À quel moment as-tu trouvé le fil rouge, cette histoire autour de la dictature ? Qui a inspiré les personnages ?
« À travers l’histoire et ce que j’ai pu en lire. Et la moitié des personnages, je les ai rencontrés. Les deux sœurs, le curé de la Victoria… Ces deux sœurs m’ont introduit dans le quartier, ça donne de la matière. Et il y a un livre que j’avais lu, sur une ancienne du MIR qui a parlé sous la torture et qui a même collaboré. Je m’en suis servi pour le personnage de Manuela.
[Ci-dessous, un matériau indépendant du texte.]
(* Let $S$ be a quasi-adequate semigroup with an adequate transversal $S^0$, and let $x,y$ be regular elements of $S$. Then $\overline{xy}=\overline{x}\,\overline{y}$.
   Context: For a semigroup $S$, $S^1$ is $S$ with an identity adjoined, $\mathcal{L},\mathcal{R}$ Green's relations. $\mathcal{R}^\ast=\{(a,b):\forall x,y\in S^1,\ xa=ya\iff xb=yb\}$, $\mathcal{L}^\ast=\{(a,b):\forall x,y\in S^1,\ ax=ay\iff bx=by\}$. $S$ is abundant if each $\mathcal{R}^\ast$- and $\mathcal{L}^\ast$-class contains an idempotent; adequate if also idempotents commute (then $a^+$, $a^\ast$ are the unique idempotents $\mathcal{R}^\ast$-, resp. $\mathcal{L}^\ast$-related to $a$). Quasi-adequate: abundant with idempotents forming a subsemigroup. An abundant subsemigroup $U$ of abundant $S$ is a $\ast$-subsemigroup if $\mathcal{L}^\ast(U)=\mathcal{L}^\ast(S)\cap(U\times U)$, $\mathcal{R}^\ast(U)=\mathcal{R}^\ast(S)\cap(U\times U)$. An adequate $\ast$-subsemigroup $S^0$ of abundant $S$ is an adequate transversal if each $x\in S$ has a unique $\overline{x}\in S^0$ and idempotents $e,f$ of $S$ with $x=e\overline{x}f$, $e\,\mathcal{L}\,\overline{x}^+$, $f\,\mathcal{R}\,\overline{x}^\ast$. *)

Set Implicit Arguments.

Section Semigroup.
Variables (T : Type) (mul : T -> T -> T).

Definition associative_op : Prop :=
  forall a b c, mul a (mul b c) = mul (mul a b) c.

Definition fullset : T -> Prop := fun _ => True.

Definition idem (e : T) : Prop := mul e e = e.

(* elements of U^1 : None is the adjoined identity *)
Definition inU1 (U : T -> Prop) (o : option T) : Prop :=
  match o with None => True | Some x => U x end.

Definition lmul (o : option T) (a : T) : T :=
  match o with None => a | Some x => mul x a end.
Definition rmul (a : T) (o : option T) : T :=
  match o with None => a | Some x => mul a x end.

Definition RstarIn (U : T -> Prop) (a b : T) : Prop :=
  forall x y, inU1 U x -> inU1 U y -> (lmul x a = lmul y a <-> lmul x b = lmul y b).
Definition LstarIn (U : T -> Prop) (a b : T) : Prop :=
  forall x y, inU1 U x -> inU1 U y -> (rmul a x = rmul a y <-> rmul b x = rmul b y).

Definition GreenL (a b : T) : Prop :=
  (a = b \/ exists s, a = mul s b) /\ (b = a \/ exists s, b = mul s a).
Definition GreenR (a b : T) : Prop :=
  (a = b \/ exists s, a = mul b s) /\ (b = a \/ exists s, b = mul a s).

Definition subsemigroup (U : T -> Prop) : Prop :=
  forall a b, U a -> U b -> U (mul a b).

Definition abundantIn (U : T -> Prop) : Prop :=
  forall a, U a ->
    (exists e, U e /\ idem e /\ RstarIn U a e) /\
    (exists f, U f /\ idem f /\ LstarIn U a f).

Definition adequateIn (U : T -> Prop) : Prop :=
  abundantIn U /\
  forall e f, U e -> U f -> idem e -> idem f -> mul e f = mul f e.

Definition quasi_adequate : Prop :=
  abundantIn fullset /\ forall e f, idem e -> idem f -> idem (mul e f).

Definition star_subsemigroup (U : T -> Prop) : Prop :=
  subsemigroup U /\ abundantIn U /\
  (forall a b, U a -> U b -> (LstarIn U a b <-> LstarIn fullset a b)) /\
  (forall a b, U a -> U b -> (RstarIn U a b <-> RstarIn fullset a b)).

(* xb is a valid "overline x" for x w.r.t. S0:
   xb in S0 and x = e xb f with e, f idempotents of S, e L xb^+, f R xb^*,
   where xb^+ (resp. xb^* ) is the (unique, since S0 is adequate) idempotent
   of S0 that is R*- (resp. L*-) related to xb. *)
Definition transversal_rep (S0 : T -> Prop) (x xb : T) : Prop :=
  S0 xb /\
  exists e f, idem e /\ idem f /\ x = mul (mul e xb) f /\
    (exists p, S0 p /\ idem p /\ RstarIn S0 xb p /\ GreenL e p) /\
    (exists q, S0 q /\ idem q /\ LstarIn S0 xb q /\ GreenR f q).

Definition adequate_transversal (S0 : T -> Prop) : Prop :=
  star_subsemigroup S0 /\ adequateIn S0 /\
  forall x, exists! xb, transversal_rep S0 x xb.

Definition regular (x : T) : Prop := exists a, mul (mul x a) x = x.

End Semigroup.

From Stdlib Require Import Setoid.
Set Implicit Arguments.

(* Write x = e x̄ f and y = g ȳ h as in the definition of the transversal, and
   put u = f g and k = q r, where q = x̄^* and r = ȳ^+.  In the band of
   idempotents u and k are mutually inverse (u k u = u, k u k = k).  Since x
   and y are regular, so are x̄ and ȳ; for x̄ z x̄ = x̄ and ȳ w ȳ = ȳ one gets
   k z x̄ = k = ȳ w k, hence
     x y = e x̄ u ȳ h = (e x̄ u k z) (x̄ ȳ) (w k u ȳ h).
   With t = (x̄ȳ)^+ and t' = (x̄ȳ)^*, the outer factors are absorbed:
   t (e x̄ u k z) t = t and t' (w k u ȳ h) t' = t'.  The heart of this is the
   identity t x̄ u k = x̄ k: the element j = k z t x̄ is an idempotent with
   j R k L u k, so j (u k) = k.  Then e x̄ u k z t and t' w k u ȳ h exhibit
   x̄ ȳ as the transversal element of x y, and uniqueness concludes. *)

Section Semigroup.
Variables (T : Type) (mul : T -> T -> T).
Hypothesis mulA : associative_op mul.

Local Infix "·" := mul (at level 40, left associativity).
Local Notation RstarS := (RstarIn mul (@fullset T)).
Local Notation LstarS := (LstarIn mul (@fullset T)).

(* [arw H] rewrites with [H : l = r] inside left-nested products: besides [l]
   itself it rewrites every [w · l1 · ... · ln] into [w · r1 · ... · rm], both
   sides of [H] being normalised by associativity first. *)
Ltac arw H :=
  let Hl := fresh in let Hw := fresh in
  let ty := type of H in
  let ty := eval unfold idem in ty in
  match ty with ?l = ?r =>
    assert (Hl : l = r) by exact H;
    assert (Hw : forall w, w · l = w · r) by (intro; rewrite Hl; reflexivity)
  end;
  rewrite ?mulA in Hl; repeat setoid_rewrite mulA in Hw;
  rewrite ?mulA, ?Hl, ?Hw, ?mulA; clear Hl Hw.

Lemma rstar_fix a e : RstarS a e -> forall s, s · a = a -> s · e = e.
Proof. intros H s. exact (proj1 (H (Some s) None I I)). Qed.

Lemma rstar_cancel a e : RstarS a e -> forall s s', s · a = s' · a -> s · e = s' · e.
Proof. intros H s s'. exact (proj1 (H (Some s) (Some s') I I)). Qed.

Lemma rstar_idem_mul a e : RstarS a e -> idem mul e -> e · a = a.
Proof. intros H. exact (proj2 (H (Some e) None I I)). Qed.

Lemma lstar_fix a e : LstarS a e -> forall s, a · s = a -> e · s = e.
Proof. intros H s. exact (proj1 (H (Some s) None I I)). Qed.
Lemma cone_separation k (C : set 'cV[R]_k) q :
  C !=set0 -> closed_set C -> convex_set C -> is_cone C -> ~ C q ->
  exists h, 0 < dot h q /\ forall c, C c -> dot h c <= 0.
Proof.
move=> C0 cC cvC coC nq; have [p Cp hp] := exists_nearest q C0 cC.
have [d0 hc] := nearest_cone cvC coC Cp hp.
exists (q - p); split => //.
rewrite -[q in dot _ q](subrK p) dotDr d0 addr0 -enorm_sqr exprn_gt0 //.
by apply: enorm_gt0; rewrite subr_eq0; apply: contraPneq nq => ->.
Qed.

End Distance.

Section Image.
Variables (R : realType) (m n : nat) (A : 'M[R]_(m, n)).

Lemma imA_mulmx x : imA A (A *m x). Proof. by exists x. Qed.

Lemma imA_comb u v a c : imA A u -> imA A v -> imA A (a *: u + c *: v).
Proof.
move=> [x _ <-] [y _ <-]; exists (a *: x + c *: y) => //.
by rewrite mulmxDr !scalemxAr.
Qed.

Lemma imAN u : imA A u -> imA A (- u).
Proof. by move=> [x _ <-]; exists (- x) => //; rewrite mulmxN. Qed.

Lemma imA_submx y : imA A y -> (y^T <= A^T)%MS.
Proof. by move=> [x _ <-]; rewrite trmx_mul submxMl. Qed.

Lemma submx_trmx_scale k (d y : 'cV[R]_k) : (y^T <= d^T)%MS -> exists c, y = c *: d.
Proof.
move/submxP => [D e]; exists (D 0 0); rewrite -[y]trmxK e trmx_mul trmxK.
by apply/matrixP => i j; rewrite (ord1 j) !mxE big_ord1 !mxE mulrC.
Qed.

Lemma imA_rank1 d : imA A d -> d != 0 -> \rank A = 1%N ->
  forall y, imA A y -> exists c, y = c *: d.
Proof.
move=> dA d0 r1 y yA; apply: submx_trmx_scale.
have := mxrank_leqif_eq (imA_submx dA).
rewrite rank_rV trmx_eq0 d0 mxrank_tr r1 => /leqif_refl /andP [_ sA].
exact: submx_trans (imA_submx yA) sA.
Qed.

Lemma rank1_mulmxE d : imA A d -> d != 0 -> \rank A = 1%N ->
  forall x, A *m x = (dot (A^T *m d) x / dot d d) *: d.
Proof.
move=> dA d0 r1 x; have [c ec] := imA_rank1 dA d0 r1 (imA_mulmx x).
have dd0 : dot d d != 0 by apply: contra d0 => /eqP/dotmm_eq0 ->.
by rewrite dot_trmx_mul ec dotZr mulfK.
Qed.

Lemma imA_not_line d : imA A d -> d != 0 -> \rank A != 1%N ->
  exists x, forall c, A *m x != c *: d.
Proof.
move=> [xd _ exd] d0 r1; apply/not_existsP => hall; apply/negP: r1; rewrite negbK.
have hc x : exists c, A *m x = c *: d.
  by have /existsNP [c /negP] := hall x; rewrite negbK => /eqP ->; exists c.
have sA : (A^T <= d^T)%MS.
  apply/row_subP => j; rewrite -tr_col colE.
  by have [c ->] := hc (delta_mx j 0); rewrite linearZ scalemx_sub.
have le1 : (\rank A <= 1)%N.
  by rewrite -mxrank_tr; apply: leq_trans (mxrankS sA) (rank_leq_row _).
have : \rank A != 0%N.
  by rewrite mxrank_eq0; apply: contra d0 => /eqP A0; rewrite -exd A0 mul0mx.
by case: (\rank A) le1 => [|[|]].
Qed.

Lemma imA_orthogonal d : imA A d -> d != 0 -> \rank A != 1%N ->
  exists w, [/\ imA A w, w != 0 & dot w d = 0].
Proof.
move=> dA d0 r1; have [x hx] := imA_not_line dA d0 r1.
have dd0 : dot d d != 0 by apply: contra d0 => /eqP/dotmm_eq0 ->.
pose a := dot (A *m x) d / dot d d.
exists (1 *: (A *m x) + (- a) *: d); split.
- exact: imA_comb (imA_mulmx x) dA.
- by rewrite scale1r scaleNr; apply: contra (hx a) => /eqP e; rewrite -subr_eq0 e.
- by rewrite dotDl !dotZl mul1r /a mulNr divfK // subrr.
Qed.

Lemma imA_closed : closed_set (imA A).
Proof.
move=> x hx; suff /submxP [D e] : (x^T <= A^T)%MS.
  by exists D^T => //; rewrite -(trmxK x) e trmx_mul trmxK.
rewrite submxE; apply/eqP/matrixP => i j; rewrite (ord1 i) [RHS]mxE.
pose c := col j (cokermx A^T).
have ex (z : 'cV[R]_m) : (z^T *m cokermx A^T) 0 j = dot z c.
  by rewrite mxE /dot; apply: eq_bigr => k _; rewrite !mxE.
rewrite ex; apply/normr0_eq0/eqP; rewrite eq_le normr_ge0 andbT.
apply/ler_addgt0Pl => e e0; rewrite addr0.
have c1 : 0 < enorm c + 1 by rewrite ltr_pwDr // enorm_ge0.
have [y yA hy] := hx (e / (enorm c + 1)) (divr_gt0 e0 c1).
have y0 : dot y c = 0.
  by rewrite -ex; move/imA_submx: yA; rewrite submxE => /eqP ->; rewrite mxE.
rewrite -[dot x c]subr0 -y0 -dotBl; apply: le_trans (normr_dot_le _ _) _.
rewrite ltr_pdivlMr // in hy.
have := enorm_ge0 (x - y); nra.
Qed.

Lemma imA_trmx_mul_neq0 d : imA A d -> d != 0 -> A^T *m d != 0.
Proof.
move=> [xd _ exd] d0; apply: contra d0 => /eqP g0; apply/eqP/dotmm_eq0.
by rewrite -{2}exd -dot_trmx_mul g0 dot0l.
Qed.

End Image.

Section RegularCone.
Variables (R : realType) (m : nat) (K : set 'cV[R]_m).
Hypothesis regK : regular_cone K.

Lemma rconeZ x l : K x -> 0 <= l -> K (l *: x). Proof. by case: regK => + _ _ _ _; apply. Qed.
Lemma rcone_pointed : pointed K. Proof. by case: regK. Qed.
Lemma rcone_closed : closed_set K. Proof. by case: regK. Qed.
Lemma rcone_convex : convex_set K. Proof. by case: regK. Qed.

Lemma rcone0 : K 0.
Proof.
case: regK => _ _ _ _ [x [e e0 he]].
by have := rconeZ (he x _) (lexx 0); rewrite scale0r subrr enorm0; apply.
Qed.

Lemma rcone_neq0 : K !=set0. Proof. by exists 0; exact: rcone0. Qed.

Lemma rconeD x y : K x -> K y -> K (x + y).
Proof.
move=> Kx Ky; have := rconeZ (rcone_convex Kx Ky (t:=1/2) _ _) (ler0n _ 2).
have -> : 2 *: ((1/2) *: x + (1 - 1/2) *: y) = x + y.
  by apply/matrixP => i j; rewrite !mxE; field.
by apply; lra.
Qed.

Lemma not_interior_boundary x : K x -> ~ interior_pt K x -> boundary K x.
Proof. by move=> Kx ni; split => // e e0; exists x => //; rewrite subrr enorm0. Qed.

Lemma cone_orthogonal_eq0 u : (forall y, K y -> dot u y = 0) -> u = 0.
Proof.
case: regK => _ _ _ _ [x0 [e0 e0p he]] z.
have Kx0 : K x0 by apply: he; rewrite subrr enorm0.
have np : 0 < enorm u + 1 by have := enorm_ge0 u; lra.
pose s := e0 / (enorm u + 1).
have s0 : 0 < s by rewrite divr_gt0.
have Ky : K (x0 + s *: u).
  apply: he; rewrite addrAC subrr add0r enormZ gtr0_norm //.
  rewrite /s mulrAC ltr_pdivrMr // ltr_pM2l //; lra.
have /eqP := z _ Ky; rewrite dotDr dotZr z // add0r.
by rewrite mulf_eq0 gt_eqF //= => /eqP /dotmm_eq0.
Qed.

Lemma normal_coneP z u : normal_cone K z u <->
  [/\ K z, polar K u & dot u z = 0].
Proof.
split=> [[Kz h]|[Kz h dz]]; last by split => // y Ky; rewrite dotBr dz subr0 h.
have h0 := h _ rcone0; rewrite sub0r dotNr in h0.
have := h _ (rconeZ Kz (ler0n _ 2)).
rewrite [2 *: z - z](_ : _ = z); last by rewrite scalerDl scale1r addrK.
move=> h2; have dz : dot u z = 0 by lra.
by split => // y Ky; have := h _ (rconeD Ky Kz); rewrite addrK.
Qed.

Lemma normal_cone0 z : K z -> normal_cone K z 0.
Proof. by move=> Kz; split => // y _; rewrite dot0l. Qed.

Lemma closed_normal_cone z : K z -> closed_set (normal_cone K z).
Proof.
move=> Kz; have -> : normal_cone K z = polar K `&`
    ([set u | dot u z <= 0] `&` [set u | 0 <= dot u z]).
  apply/seteqP; split => u.
    by move=> /normal_coneP [_ h dz]; split => //; rewrite /= dz.
  by move=> [h [/= h1 h2]]; apply/normal_coneP; split => //; apply/eqP; rewrite eq_le h1.
have lip : lipschitz (fun u => dot u z) (enorm z).
  by move=> u v; rewrite !(dotC _ z) dot_lipschitz.
apply: closed_setI; first exact: closed_polar.
apply: closed_setI.
  exact: closed_sublevel (enorm_ge0 z) lip.
exact: closed_superlevel (enorm_ge0 z) lip.
Qed.

Lemma dist_translate_scale p q l : K p -> 0 < l ->
  dist (p + l *: q) K <= l * dist q K.
Proof.
move=> Kp l0; rewrite mulrC -ler_pdivrMr //.
apply: dist_ge rcone_neq0 _ => y Ky; rewrite ler_pdivrMr //.
apply: le_trans (dist_le _ (rconeD Kp (rconeZ Ky (ltW l0)))) _.
have -> : p + l *: q - (p + l *: y) = l *: (q - y).
  by rewrite scalerBr opprD addrACA subrr add0r.
by rewrite enormZ gtr0_norm // mulrC.
Qed.

End RegularCone.

Section FarRays.
Variables (R : realType) (m : nat) (K : set 'cV[R]_m).
Hypothesis regK : regular_cone K.

Lemma normal_half_line d u1 u2 : dim_one (normal_cone K d) ->
  normal_cone K d u1 -> normal_cone K d u2 -> u1 != 0 ->
  exists2 l, 0 <= l & u2 = l *: u1.
Proof.
move=> [_ [v v0 sub]] n1 n2 u10.
have [a _ e1] := sub _ n1; have [c _ e2] := sub _ n2.
have a0 : a != 0 by apply: contraNneq u10 => a0; rewrite -e1 a0 scale0r.
have e : u2 = (c / a) *: u1 by rewrite -e1 -e2 scalerA divfK.
have [l0|ln] := lerP 0 (c / a); first by exists (c / a).
move: n1 n2 => /(normal_coneP regK) [_ h1 _] /(normal_coneP regK) [_ h2 _].
case/eqP: u10; apply: (cone_orthogonal_eq0 regK) => y Ky.
have := h1 _ Ky; have := h2 _ Ky; rewrite e dotZl; nra.
Qed.

(* The unit outer normal at the nearest point of [K] to [t d + w] *)
Lemma polar_unit_separating d w t c0 : K d -> 0 < t -> 0 < c0 ->
  c0 <= dist (t *: d + w) K ->
  exists u, [/\ enorm u = 1, polar K u, c0 <= dot u w & - dot u d <= enorm w / t].
Proof.
move=> Kd t0 c00 hc; set q := t *: d + w.
have [p Kp hp] := exists_nearest q (rcone_neq0 regK) (rcone_closed regK).
have [dp hcone] := nearest_cone (rcone_convex regK) (rconeZ regK) Kp hp.
rewrite (dist_nearest Kp hp) in hc.
have hpos : 0 < enorm (q - p) by lra.
pose u := (enorm (q - p))^-1 *: (q - p).
have nu : enorm u = 1 by rewrite enormZ ger0_norm ?invr_ge0 ?ltW // mulVf ?gt_eqF.
have hK : polar K u.
  by move=> y Ky; rewrite dotZl mulr_ge0_le0 ?hcone // invr_ge0 ltW.
have duq : dot u q = enorm (q - p).
  rewrite -[q in dot _ q](subrK p) dotDr !dotZl dp mulr0 addr0 -enorm_sqr.
  by rewrite expr2 mulKf // gt_eqF.
rewrite /q dotDr dotZr -/q in duq.
have ud := hK _ Kd; have cs := dot_le_enormM u w; rewrite nu mul1r in cs.
have tud : t * dot u d <= 0 by rewrite mulr_ge0_le0 // ltW.
exists u; split => //; first lra.
by rewrite ler_pdivlMr // mulNr mulrC; lra.
Qed.

Lemma normal_of_far_ray d w c0 : K d -> 0 < c0 ->
  (forall t, 0 <= t -> c0 <= dist (t *: d + w) K) ->
  exists u, [/\ normal_cone K d u, enorm u = 1 & c0 <= dot u w].
Proof.
move=> Kd c00 far.
pose C := [set u | enorm (u - 0) <= 1] `&` [set u | 1 <= enorm (u - 0)] `&`
          polar K `&` [set u | c0 <= dot u w].
have memC u : C u <-> [/\ enorm u = 1, polar K u & c0 <= dot u w].
  rewrite /C /= subr0; split; first by move=> [[[h1 h2] h3] h4]; split => //; lra.
  by move=> [h1 h2 h3]; rewrite h1; do !split.
have lipw : lipschitz (fun u => dot u w) (enorm w).
  by move=> u v; rewrite !(dotC _ w) dot_lipschitz.
have cC : closed_set C.
  apply: closed_setI; last exact: closed_superlevel (enorm_ge0 w) lipw.
  apply: closed_setI; last exact: closed_polar.
  apply: closed_setI; first exact: closed_ball.
  exact: closed_superlevel ler01 (enorm_lipschitz 0).
have [u [u1 uK uw _]] := polar_unit_separating Kd ltr01 c00 (far 1 ler01).
have C0 : C !=set0 by exists u; apply/memC.
have bC v : C v -> enorm v <= 1 by move=> /memC [-> _ _].
have lipd : lipschitz (fun u => - dot u d) (enorm d).
  by move=> x y; rewrite -opprD normrN !(dotC _ d) dot_lipschitz.
have [v /memC [v1 vK vw] vmin] :=
  lipschitz_min_attained C0 cC bC (enorm_ge0 d) lipd.
exists v; split => //; apply/(normal_coneP regK); split => //.
(* otherwise [polar_unit_separating] with a large [t] beats the minimum *)
apply/eqP; rewrite eq_le vK //= leNgt; apply/negP => neg.
have nw := enorm_ge0 w.
have t0 : 0 < (enorm w + 1) / (- dot v d) by rewrite divr_gt0 //; lra.
have [v' [g1 g2 g3 g4]] := polar_unit_separating Kd t0 c00 (far _ (ltW t0)).
have := vmin v' (proj2 (memC v') (And3 g1 g2 g3)).
move: g4; rewrite invf_div mulrA ler_pdivlMr; last lra.
move=> g4 hm; have : - dot v d * (enorm w + 1) <= enorm w * (- dot v d) by nra.
nra.
Qed.

Lemma far_rays_contra d w c0 : K d -> dim_one (normal_cone K d) -> 0 < c0 ->
  (forall t, 0 <= t -> c0 <= dist (t *: d + w) K) ->
  (forall t, 0 <= t -> c0 <= dist (t *: d - w) K) -> False.
Proof.
move=> Kd dd c00 farP farN.
have [u1 [n1 e1 d1]] := normal_of_far_ray Kd c00 farP.
have [u2 [n2 e2 d2]] := normal_of_far_ray Kd c00 farN.
have u10 : u1 != 0 by apply/eqP => u0; move: e1; rewrite u0 enorm0; lra.
have [l l0 e] := normal_half_line dd n1 n2 u10.
rewrite e dotZl dotNr in d2.
have : 0 <= l * dot u1 w by rewrite mulr_ge0 //; lra.
lra.
Qed.
(* Let $\mathbf U$ be a group variety and let $\Gamma$ and $\Delta$ be finite connected directed graphs such that $\Delta$ is a minor of $\Gamma$. If $\Delta$ does not have property $\mathrm{P}(\mathbf U)$, then $\Gamma$ does not have property $\mathrm{P}(\mathbf U)$.
   Context: All graphs are finite directed graphs, possibly with loops and multiple edges. A graph $\Gamma$ has vertex set $V(\Gamma)$ and edge set $E(\Gamma)$, and each edge $e$ has an initial vertex $\iota e$ and a terminal vertex $\tau e$. A subgraph is regarded as a set of vertices and edges (containing the endpoints of its edges); unions and intersections of subgraphs are taken as sets of vertices and edges. Connectedness refers to the underlying undirected graph. Let $\overline{\Gamma}$ be the graph with vertex set $V(\Gamma)$ and edge set $E(\Gamma)\sqcup E(\Gamma)^{-1}$, where for $e\in E(\Gamma)$ the formal edge $e^{-1}$ goes from $\tau e$ to $\iota e$. A path $p$ in $\overline{\Gamma}$ is either an empty path at a vertex or a sequence $e_1\cdots e_n$ of edges of $\overline{\Gamma}$ with $\tau e_i=\iota e_{i+1}$; it has initial vertex $\iota p$ and terminal vertex $\tau p$, and is regarded as a word over the alphabet $E(\Gamma)\cup E(\Gamma)^{-1}$. The span $\langle p\rangle$ is the subgraph of $\Gamma$ consisting of the vertices traversed by $p$ and the edges $e\in E(\Gamma)$ such that $e$ or $e^{-1}$ occurs in $p$. For a group variety $\mathbf{U}$ and words $u,v$ over $X\cup X^{-1}$, write $u\equiv_{\mathbf U} v$ if $u$ and $v$ represent the same element of the relatively free group of $\mathbf U$ on $X$ (i.e. the identity $u=v$ holds in $\mathbf U$), and $[u]_{\mathbf U}$ for the class of $u$. The free $g\mathbf U$-category on $\Gamma$ has vertex set $V(\Gamma)$; its arrows from $i$ to $j$ are the triples $(i,[p]_{\mathbf U},j)$ with $p$ an $(i,j)$-path in $\overline\Gamma$, and $(i,[p]_{\mathbf U},j)(j,[q]_{\mathbf U},k)=(i,[pq]_{\mathbf U},k)$; for an arrow $x=(i,[p]_{\mathbf U},j)$ put $\iota x=i$, $\tau x=j$. For each arrow $x$ define subgraphs of $\Gamma$: $C_0(x)=\bigcap\{\langle p\rangle : p \text{ a path in }\overline\Gamma \text{ with } (\iota p,[p]_{\mathbf U},\tau p)=x\}$; $P_n(x)$ is the connected component of $C_n(x)$ containing $\iota x$; $C_{n+1}(x)=\bigcap\{P_n(x_1)\cup\cdots\cup P_n(x_k) : k\ge 1,\ x_1,\dots,x_k \text{ arrows with } x_1\cdots x_k=x\}$; and $P(x)=\bigcap_{n\ge 0}P_n(x)$. A connected graph $\Gamma$ has property $\mathrm{P}(\mathbf U)$ if $\tau x\in P(x)$ for every arrow $x$ of the free $g\mathbf U$-category on $\Gamma$. A graph $\Delta$ is a minor of $\Gamma$ if $\Delta$ can be obtained from $\Gamma$ by a finite sequence of the following operations: contracting an edge $e$ with $\iota e\neq\tau e$ (removing $e$ and identifying its two endpoints into one vertex), deleting an edge, deleting a vertex together with its incident edges, and reversing the direction of an edge. *)

From Stdlib Require List.
From mathcomp Require Import all_boot.
Set Implicit Arguments. Unset Strict Implicit. Unset Printing Implicit Defensive.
Et j’ai rencontré pas mal de réfugiés vivant en France, des anciens du MIR. J’ai une copine, une des premières personnes rencontrées en France lors de la préparation du livre : son père a disparu dans le cadre du plan Condor, sa mère enceinte a été emprisonnée au Stade National et elle a échappé au viol collectif car les geôliers avaient tué une prisonnière avant. Les bouchers ! Ça file la nausée. Elle aréussi à être libérée dans les mois qui ont suivi.  Et elle a accouché en France. Mon amie a finalement pu déposer une plainte pour torture in utero au Chili. Et, dernièrement, sa plainte a été reçue et on reconnait la mort de son père dans le cadre de Condor. Après des années de lutte, au moins, elle est écouté. On reçoit ta plainte, enfin ! »
Et quels sont tes projets ?
« Je prépare un album pour EZ3kiel, un groupe d’electro rock, une pièce de théâtre sur le 7 janvier, une BD sur l’argentine. Un récit de voyage avec mes aventures rocambolesques, un récit picaresque qui sortira l’année prochaine. Je vais aussi retrouver mon personnage de Mc Cash, un flic borgne qui revient tous les sept, huit ans ans, avec une enquête autour des migrants en mer au large de la Grèce, mâtinée de néo-libéralisme à l’extrême parce que, là-bas, c’est une zone de non-droit. Et je me documente pour mon prochain polar qui devrait se passer en Colombie. »

couv CONDOR

« Condor », de Caryl Férey, aux éditions Gallimard (collection « Série noire »), 19,50 €.
Également, la tournée Condor live, un spectacle durant lequel le chanteur Bertrand Cantat interprète un long extrait du livre, le « roman dans le roman ».